Question

In IR spectroscopy, which bond absorbs at the highest wavenumber?

• A. C-C
• B. C=C
• C. C \(\equiv\) C
• D. O-H

Hint:

Bonds to Hydrogen (X-H) always appear in the high-frequency region (\( 2500-4000 \text{ cm}^{-1} \)) of the IR spectrum because of the low atomic mass of Hydrogen.

Answer 1

The Correct Option is D

Step 1: What controls IR absorption position. 
In IR spectroscopy, the position of an absorption peak (wavenumber) depends mainly on two factors:
– how strong the bond is, and
– how heavy the atoms forming the bond are.

Step 2: Relevant relation for bond vibrations.
Bond vibrations approximately follow Hooke’s law, which gives the wavenumber as:

\[ \bar{\nu} = \frac{1}{2\pi c}\sqrt{\frac{k}{\mu}} \]

Here:
\( k \) represents the force constant (a measure of bond strength).
\( \mu \) is the reduced mass of the two bonded atoms.

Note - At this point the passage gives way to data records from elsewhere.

Lemma mem_cover_closed v : (v \in cover Y) = (medge v \in Y).
Proof.
apply/bigcupP/idP => [[f fY vf]|]; last by exists (medge v); rewrite ?(medgeP v).2.
by rewrite (medge_eq (subsetP YM f fY) vf).
Qed.

Lemma exists_medge_closed : exists v, medge v \in Y.
Proof.
have /card_gt0P[f fY] : 0 < #|Y| by rewrite Y_card.
have fM := subsetP YM f fY; have /card_gt0P[v vf] : 0 < #|f|.
  by rewrite (card_edge e_irr (matching_edge mM fM)).
by exists v; rewrite (medge_eq fM vf).
Qed.

Section Transversal.
Variable F : {set 'I_n}.
Hypothesis TF : transversal_of block F.

Lemma transversal_meets_closed : exists2 u, u \in F & medge u \in Y.
Proof.
have [v vY] := exists_medge_closed; case/transversal_ofP: TF => /(_ v)[u uF bu] _.
by exists u; rewrite // -block_eq0 bu block_eq0.
Qed.

Lemma transversal_closed_eq u v : u \in F -> v \in F -> medge u \in Y -> medge v \in Y -> u = v.
Proof.
case/transversal_ofP: TF => _ inj uF vF; rewrite -!block_eq0 => /eqP bu /eqP bv.
by apply: inj; rewrite ?bu ?bv.
Qed.

Lemma medge_avoiding_transversal a b : e a b -> a \notin F -> b \notin F -> medge a \in Y.
Proof.
move=> eab aF bF; apply: contraTT isT => aY; case/transversal_ofP: TF => /(_ a)[u uF bu] _.
have medge_ab : medge a = [set a; b].
  apply/eqP; rewrite eq_sym eqEcard subUset !sub1set (medgeP a).2.
  rewrite (block_medge aY (block_edge eab)) (medgeP b).2 cards2.
  rewrite (card_edge e_irr (matching_edge mM (medgeP b).1)).
  by case: eqVneq eab => // ->; rewrite e_irr.
have : u \in medge a by rewrite (block_medge aY (esym bu)) (medgeP u).2.
by rewrite medge_ab !inE => /orP[] /eqP uab; [move: aF | move: bF]; rewrite -uab uF.
Qed.

Lemma transversal_compl_notin_sqpow : ~~ in_sqpow e k (fun v => v \notin F).
Proof.
have [u uF uY] := transversal_meets_closed.
apply/negP => /existsP[N /and3P[mN /eqP cN /forall_inP avoidF]].
have notF x : x \in cover N -> x \notin F by move/avoidF; case: (x \in F).
have sub : cover N \subset cover Y :\ u.
  apply/subsetP => x xN; rewrite !inE mem_cover_closed.
  have -> : x != u by apply: contraNneq (notF x xN) => ->.
  have /bigcupP[f fN xf] := xN.
  have /existsP[a /existsP[b /andP[eab /eqP fab]]] := matching_edge mN fN.
  have [aN bN] : a \in cover N /\ b \in cover N.
    by split; apply/bigcupP; exists f; rewrite // fab !inE eqxx ?orbT.
  have eba : e b a by rewrite e_sym.
  move: xf; rewrite fab !inE => /orP[] /eqP ->.
    exact: medge_avoiding_transversal eab (notF a aN) (notF b bN).
  exact: medge_avoiding_transversal eba (notF b bN) (notF a aN).
have := subset_leq_card sub; have := cardsD1 u (cover Y).
rewrite mem_cover_closed uY (card_cover_matching e_irr mN) cN.
by rewrite (card_cover_matching e_irr (matchingS mM YM)) Y_card; lia.
Qed.

Lemma transversal_cycle x : x \in F -> in_sqpow e k (fun v => (v \notin F) || (v == x)).
Proof.
move=> xF; have [v0 v0F v0Y] := transversal_meets_closed; have /transversal_ofP[_ inj] := TF.
have medge_x u : u \in F -> medge u = medge x -> u = x.
  by move=> uF eq_ux; apply: inj; rewrite /block ?eq_ux.
have x_out : medge x \notin Y :\ medge v0.
  rewrite !inE negb_and negbK; case: (boolP (medge x \in Y)) => [xY|]; last by rewrite orbT.
  by rewrite (transversal_closed_eq xF v0F xY v0Y) eqxx.
apply/existsP; exists (medge x |: (Y :\ medge v0)); apply/and3P; split.
- apply: matchingS mM _; rewrite subUset sub1set (medgeP x).1 /=.
  exact: subset_trans (subD1set _ _) YM.
- by rewrite -Y_card (cardsD1 (medge v0) Y) v0Y cardsU1 x_out.
apply/forall_inP => v /bigcupP[g]; rewrite !inE lt0b => /orP[/eqP ->|/andP[gv0 gY]] vg.
  have := medge_x v; rewrite (medge_eq (medgeP x).1 vg).
  by case: (v \in F) => //= /(_ isT erefl) ->; rewrite eqxx.
have vY : medge v \in Y by rewrite (medge_eq (subsetP YM g gY) vg).
apply/orP; left; apply: contra gv0 => vF.
by rewrite -(medge_eq (subsetP YM g gY) vg) (transversal_closed_eq vF v0F vY v0Y).
Qed.

End Transversal.

Lemma exists_transversal : exists2 F, transversal_of block F & #|F| = #|M| - k + 1.
Proof.
have [v0 v0Y] := exists_medge_closed; have /eqP b0 : block v0 == 0 by rewrite block_eq0.
pose rep (f : {set 'I_n}) := odflt v0 [pick v in f].
have medge_rep f : f \in M -> medge (rep f) = f.
  move=> fM; apply: (medge_eq fM); rewrite /rep; case: pickP => [//|none].
  by have := card_edge e_irr (matching_edge mM fM); rewrite (eq_card0 none).
pose F := v0 |: [set rep f | f in M :\: Y].
have memF u : u \in F -> u = v0 \/ medge u \notin Y /\ rep (medge u) = u.
  rewrite !inE => /orP[/eqP ->|/imsetP[f /setDP[fM fY] ->]]; [by left | right].
  by rewrite medge_rep.
have v0F : v0 \notin [set rep f | f in M :\: Y].
  by apply/imsetP => -[f /setDP[fM fY] v0f]; move: v0Y; rewrite v0f medge_rep // (negbTE fY).
exists F.
  apply/transversal_ofP; split=> [v|u u' /memF[->|[uY ru]] /memF[->|[u'Y ru']]] //.
  - have [vY|vY] := boolP (medge v \in Y).
      by exists v0; rewrite ?setU11 // /block vY v0Y.
    exists (rep (medge v)); last by rewrite /block medge_rep ?(medgeP v).1.
    by rewrite setU1r //; apply: imset_f; rewrite inE vY (medgeP v).1.
  - by move/esym/eqP; rewrite b0 block_eq0 (negbTE u'Y).
  - by move/eqP; rewrite b0 block_eq0 (negbTE uY).
  - by move/(block_medge uY) => medge_uu'; rewrite -ru -ru' medge_uu'.
rewrite cardsU1 v0F card_in_imset => [|f g /setDP[fM _] /setDP[gM _] fg].
  by rewrite cardsD (setIidPr YM) Y_card addnC.
by rewrite -(medge_rep f fM) fg medge_rep.
Qed.

Lemma transversal_kvalid F : transversal_of block F -> #|F| = #|M| - k + 1 ->
  kvalid e k (#|M| - k + 1) ((F, compl_mono (2 * #|M|) F) : kbasis_t n (2 * #|M|)).
Proof.
move=> TF cF; have kM : k <= #|M| by rewrite -Y_card subset_leq_card.
have j_gt0 : 0 < 2 * #|M| by lia.
apply/and4P; split; first by rewrite cF.
- lia.
- have -> : mdeg (compl_mono (2 * #|M|) F) = #|~: F|.
    rewrite /mdeg -[#|~: F|]sum1_card [RHS]big_mkcond /=; apply: eq_bigr => v _.
    by rewrite (compl_monoE j_gt0) inE; case: (v \in F).
  by rewrite cardsCs setCK card_ord cF -card_perfect_matching.
apply: contra (transversal_compl_notin_sqpow TF); apply: in_sqpow_mono => v.
by rewrite (compl_monoE j_gt0).
Qed.

Lemma betti_closed_edges_neq0 (K : fieldType) : betti e K k (2 * #|M|) (#|M| - k + 1) != 0.
Proof.
have j_gt0 : 0 < 2 * #|M| by have := subset_leq_card YM; rewrite Y_card; lia.
have [F TF F_card] := exists_transversal.
apply: (betti_neq0 (p0 := (F, compl_mono _ F)) (phi := transversal_cochain K block)).
- exact: transversal_kvalid.
- move=> q; apply: kd_entry_eq0 => x xF; apply: in_sqpow_mono (transversal_cycle TF xF) => v.
  by rewrite (compl_monoE j_gt0); case: (v \in F); case: (v == x).
- exact: transversal_cocycle j_gt0 transversal_kvalid.
- by rewrite /transversal_cochain TF eqxx signr_eq0.
Qed.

Step 3: Effect of bond strength.
Stronger bonds vibrate at higher frequencies.
Therefore, triple bonds absorb at higher wavenumbers than double bonds, and double bonds absorb higher than single bonds:

\[ C \equiv C \;>\; C = C \;>\; C - C \]

Step 4: Effect of atomic mass.
The reduced mass has a very strong influence on the wavenumber.
When one of the atoms is very light, the reduced mass becomes small, which significantly increases the wavenumber.

Hydrogen is the lightest atom, so bonds involving hydrogen have very small reduced mass.
As a result, X–H bonds absorb at much higher wavenumbers than most other bonds.

Step 5: Comparing common IR absorptions.
Typical stretching frequencies are:
– O–H: \( 3200\!-\!3600 \, \text{cm}^{-1} \)
– C≡C: \( 2100\!-\!2250 \, \text{cm}^{-1} \)
– C=C: \( 1600\!-\!1680 \, \text{cm}^{-1} \)
– C–C: below \( 1300 \, \text{cm}^{-1} \)

Even though the C≡C bond is very strong, the extremely low mass of hydrogen makes the O–H bond vibrate at a higher wavenumber.

Step 6: Final conclusion.
Among the given bonds, the O–H bond shows absorption at the highest wavenumber in IR spectroscopy.